Text mining for sentiment analysis
Sentiment analysis for text mining is one of the most powerful techniques to apply to natural language processing. With sentiment analysis applied to structured text data, enterprises can finally answer -- at scale and on a detailed level -- the big question they always want to know: Do people like this?
Now sentiment analysis is tricky on a technical level, but it’s also subjective, making it trickier still. For a brand, a phrase like “that’s sick” could be very positive. Or absolutely not.
That nuance and judgement is difficult to incorporate into natural language processing. We compiled a list of some of the best tools to use for sentiment analysis.
Unstructured data analytics tools
We also made a full list of text analytics tools that you should peruse. It also contains a useful glossary explaining in greater detail some of these text mining concepts like natural language processing and text mining.
Here are three tools I recommend for unstructured data analysis.
Talkwalker Analytics | Open platform for unstructured data visualization
Talkwalker is an open platform, which means that we support just about every variety of dataset and file source imaginable. This allows the data analyst to cross-compare against internal and external, owned, and third-party data sources.

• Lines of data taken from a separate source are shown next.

(* Let $d\in\mathbb{N}$ and suppose that $\mu_s(T_n)=\frac{s}{2}$ holds for every $n\le d$ and every $s\in\{1,\dots,n\}$. Then for every terminal $d$-polytope $T\subseteq\mathbb{R}^d$ and every $i\in\{1,\dots,d\}$, $\mu_i(T)=\frac{i}{2}$.
   Context: All covering minima are with respect to the integer lattice: for a convex body $K\subseteq\mathbb{R}^n$ and $i\in\{1,\dots,n\}$, $\mu_i(K)=\min\{\mu\ge0:(\mu K+\mathbb{Z}^n)\cap U\ne\emptyset$ for every $(n-i)$-dimensional affine subspace $U\subseteq\mathbb{R}^n\}$; covering minima are invariant under translations by $\mathbb{R}^n$. The standard terminal simplex is $T_n=\operatorname{conv}(-\mathbb{1}_n,e_1,\dots,e_n)\subseteq\mathbb{R}^n$. For sets $K\subseteq V$, $L\subseteq W$ containing the origin, with $\mathbb{R}^d=V\oplus W$, the direct sum is $K\oplus L=\{\lambda x+(1-\lambda)y:x\in K,y\in L,\lambda\in[0,1]\}$. A terminal $d$-polytope is a full-dimensional lattice polytope of the form $(u_1+T_{l_1})\oplus\cdots\oplus(u_k+T_{l_k})$ with respect to the coordinate decomposition $\mathbb{R}^d=\mathbb{R}^{l_1}\oplus\cdots\oplus\mathbb{R}^{l_k}$, $l_1+\dots+l_k=d$, where each translate $u_j+T_{l_j}$ ($u_j\in\mathbb{Z}^{l_j}$) contains the origin. *)

From HB Require Import structures.
From mathcomp Require Import all_boot all_order all_algebra.
From mathcomp Require Import reals.
Unset Printing Implicit Defensive.
Import Order.TTheory GRing.Theory Num.Theory.
Local Open Scope ring_scope.

Section Defs.
Variable R : realType.

Definition conv {m n : nat} (v : 'I_m -> 'rV[R]_n) : 'rV[R]_n -> Prop :=
  fun x => exists l : 'I_m -> R,
    (forall j, 0 <= l j) /\ \sum_j l j = 1 /\ x = \sum_j l j *: v j.

(* vertices of the standard terminal simplex T_n:
   vertex 0 is -1_n, vertex j (1 <= j <= n) is e_j *)
Definition simplex_vert (n : nat) (j : 'I_n.+1) : 'rV[R]_n :=
  \row_(k < n) (if (j == 0 :> nat) then -1 else ((k.+1 == j :> nat)%:R)).

Definition terminal_simplex (n : nat) : 'rV[R]_n -> Prop :=
  conv (simplex_vert n).

Definition int_vec {n : nat} (z : 'rV[int]_n) : 'rV[R]_n := map_mx intr z.

Definition dilate_plus_lattice {n : nat} (mu : R) (K : 'rV[R]_n -> Prop)
  : 'rV[R]_n -> Prop :=
  fun x => exists k z, K k /\ x = mu *: k + int_vec z.

(* U is a (dimension m) affine subspace of R^n:  U = p + rowspace B with
   B an m x n matrix of rank m *)
Definition affine_subspace {n m : nat} (p : 'rV[R]_n) (B : 'M[R]_(m, n))
  : 'rV[R]_n -> Prop := fun x => (x - p <= B)%MS.

Definition covers {n : nat} (K : 'rV[R]_n -> Prop) (i : nat) (mu : R) : Prop :=
  forall (p : 'rV[R]_n) (B : 'M[R]_(n - i, n)), \rank B = (n - i)%N ->
    exists x, affine_subspace p B x /\ dilate_plus_lattice mu K x.

Definition is_covering_minimum {n : nat} (K : 'rV[R]_n -> Prop) (i : nat) (m : R)
  : Prop :=
  0 <= m /\ covers K i m /\ (forall mu, 0 <= mu -> covers K i mu -> m <= mu).

(* Coordinate decomposition R^d = R^{l_1} + ... + R^{l_k}, ls = [l_1;...;l_k],
   block j (0-based) occupies coordinates off j, ..., off j + l_(j+1) - 1. *)
Definition blk_off (ls : seq nat) (j : nat) : nat := sumn (take j ls).
Definition blk_len (ls : seq nat) (j : nat) : nat := nth 0%N ls j.
Definition in_blk (ls : seq nat) (j c : nat) : bool :=
  (blk_off ls j <= c < blk_off ls j + blk_len ls j)%N.

(* vertices of T_{l_j} embedded in block j of R^d *)
Definition blk_vert (d : nat) (ls : seq nat) (j : nat)
  (t : 'I_(blk_len ls j).+1) : 'rV[R]_d :=
  \row_(c < d) (if (t == 0 :> nat) then (if in_blk ls j c then -1 else 0)
                else ((c == blk_off ls j + t.-1 :> nat)%N)%:R).

(* u_j embedded in block j, where u_j is the block-j part of U in Z^d *)
Definition blk_transl (d : nat) (ls : seq nat) (U : 'rV[int]_d) (j : nat)
  : 'rV[R]_d :=
  \row_(c < d) (if in_blk ls j c then (U 0 c)%:~R else 0).

Definition blk_piece (d : nat) (ls : seq nat) (U : 'rV[int]_d) (j : nat)
  : 'rV[R]_d -> Prop :=
  fun x => exists y, conv (blk_vert d ls j) y /\ x = blk_transl d ls U j + y.

(* direct sum P_0 (+) ... (+) P_(k-1) of sets in complementary coordinate
   subspaces (n-ary version of {lam x + (1-lam) y}) *)
Definition direct_sum {d : nat} (k : nat) (P : nat -> 'rV[R]_d -> Prop)
  : 'rV[R]_d -> Prop :=
  fun x => exists (l : 'I_k -> R) (y : 'I_k -> 'rV[R]_d),
    (forall j, 0 <= l j) /\ \sum_j l j = 1 /\ (forall j : 'I_k, P j (y j)) /\
    x = \sum_j l j *: y j.

Definition terminal_polytope (d : nat) (T : 'rV[R]_d -> Prop) : Prop :=
  exists (ls : seq nat) (U : 'rV[int]_d),
    all (fun l => 0 < l)%N ls /\ sumn ls = d /\
    (forall j, (j < size ls)%N -> blk_piece d ls U j 0) /\
    (forall x, T x <-> direct_sum (size ls) (blk_piece d ls U) x).

End Defs.

From HB Require Import structures.
From mathcomp Require Import all_boot all_order all_algebra.
From mathcomp Require Import reals.
From mathcomp Require Import zify lra ring.
From Stdlib Require Import Classical.
Import Order.TTheory GRing.Theory Num.Theory.
Local Open Scope ring_scope.

(* Fix a coordinate projection P of rank n. Say that a set K in im P has half
   covering minima relative to P if, inside im P, every affine subspace of
   codimension i meets (i/2)K + Z^d, and for mu < s/2 some affine subspace of
   codimension s misses mu'K + Z^d for every mu' <= mu.  Each block u_j + T_l_j
   has this property by the hypothesis on T_l_j, and the property passes to direct
   sums over complementary blocks.  To meet a subspace V, cover its projection
   V1 to the first block at codimension j and its part W inside the second block
   at codimension i - j, and combine the two points with weight j/i.  To avoid,
   split s = s1 + s2, take the product of avoiding subspaces at scales mu s1/s and
   mu s2/s: a point of mu'(lam y1 + (1 - lam) y2) + Z^d in it projects to hits at
   scales mu' lam and mu' (1 - lam), one of which is strictly too large, so
   mu' > mu.  For P the identity the relative notion is the covering minimum. *)

Section CoordinateBlocks.
Context {R : pzRingType} {d : nat}.

Lemma sum_mul_delta n (G : 'I_n -> R) (N : nat) (i0 : 'I_n) :
  val i0 = N -> \sum_i G i * (i == N :> nat)%:R = G i0.
Proof.
move=> <-; rewrite (bigD1 i0) //= eqxx mulr1 big1 ?addr0 // => i ne.
by rewrite val_eqE (negbTE ne) mulr0.
Qed.

Lemma sum_mul_delta_off n o (F : 'I_n -> R) (k0 : 'I_n) :
  \sum_(k < n) F k * ((o + k0)%N == (o + k)%N :> nat)%:R = F k0.
Proof.
under eq_bigr do rewrite eqn_add2l eq_sym.
exact: sum_mul_delta.
Qed.

Lemma sum_mul_delta_out n o (F : 'I_n -> R) (c : nat) : ~~ (o <= c < o + n)%N ->
  \sum_(k < n) F k * (c == (o + k)%N :> nat)%:R = 0.
Proof.
move=> c_out; rewrite big1 // => k _; have := ltn_ord k.
by case: eqP => [c_eq|_]; [move: c_out; rewrite c_eq; lia | rewrite mulr0].
Qed.

Definition coord_sel (o l : nat) : 'M[R]_(d, l) :=
  \matrix_(i, k) (i == (o + k)%N :> nat)%:R.
Definition coord_emb (o l : nat) : 'M[R]_(l, d) :=
  \matrix_(k, j) (j == (o + k)%N :> nat)%:R.
Definition coord_proj (o l : nat) : 'M[R]_d := coord_sel o l *m coord_emb o l.

Lemma block_coordP o l (c : nat) :
  (exists k0 : 'I_l, c = (o + k0)%N) \/ ~~ (o <= c < o + l)%N.
Proof.
case: (boolP (o <= c < o + l)%N) => [c_in|]; last by right.
have k0_lt : (c - o < l)%N by lia.
by left; exists (Ordinal k0_lt) => /=; lia.
Qed.

Lemma coord_sel_rowE o l (x : 'rV[R]_d) {k : 'I_l} {c : 'I_d} :
  val c = (o + k)%N -> (x *m coord_sel o l) 0 k = x 0 c.
Proof. by move=> c_eq; rewrite mxE; under eq_bigr do rewrite mxE; exact: sum_mul_delta. Qed.

Lemma coord_proj_rowE o l (x : 'rV[R]_d) (c : 'I_d) :
  (x *m coord_proj o l) 0 c = if (o <= c < o + l)%N then x 0 c else 0.
Proof.
rewrite mulmxA mxE; under eq_bigr do rewrite [coord_emb _ _ _ _]mxE.
have [[k0 c_eq]|c_out] := block_coordP o l c; last first.
  by rewrite sum_mul_delta_out // (negbTE c_out).
rewrite c_eq sum_mul_delta_off (coord_sel_rowE _ _ x c_eq) -c_eq.
by have := ltn_ord k0; rewrite c_eq; case: ifP => //; lia.
Qed.

Lemma coord_emb_sel o l : (o + l <= d)%N -> coord_emb o l *m coord_sel o l = 1%:M.
Proof.
move=> old; apply/matrixP => k k'; rewrite !mxE.
have hk : (o + k' < d)%N by have := ltn_ord k'; lia.
under eq_bigr do rewrite !mxE.
rewrite (@sum_mul_delta _ (fun i => (i == (o + k)%N :> nat)%:R) _ (Ordinal hk)) //=.
by rewrite eqn_add2l eq_sym.
Qed.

Clustering and visualizing the important topics of conversation in society is easy, and interesting, with the right toolset.
Orange | Open source data mining
This free tool allows for text mining, data mining, visualizations, and more. It contains a lot of features and filters, and also includes visualization support.
Open source machine learning and data visualization.
RapidMiner | Data mining framework
RapidMiner is open source, and provides users with a graphic user interface that includes text processing, web mining, reporting, sentiment analysis, series processing, and more.
RapidMiner offers text processing, web mining, reporting, series processing, plus more.
TEXminer | Free text mining tool
TEXminer is another free and open source tool to support you going from unstructured to structured data analysis. This data analysis tool supports ASCII and PDF formats, and also includes language identification. It also supports co-occurrence analysis, central expressions, and analysis of letter frequency.
Free text mining tool TEXminer
Takeaway
Wrapping things up, text mining can help apply structure to unstructured datasets. It’s our job as analysts and insights jockeys to help create the boundaries of what we search for so as to be able to give context and meaning to what we find. It’s important to arm yourself with the best tools available. Don’t just focus on impact, focus on connections.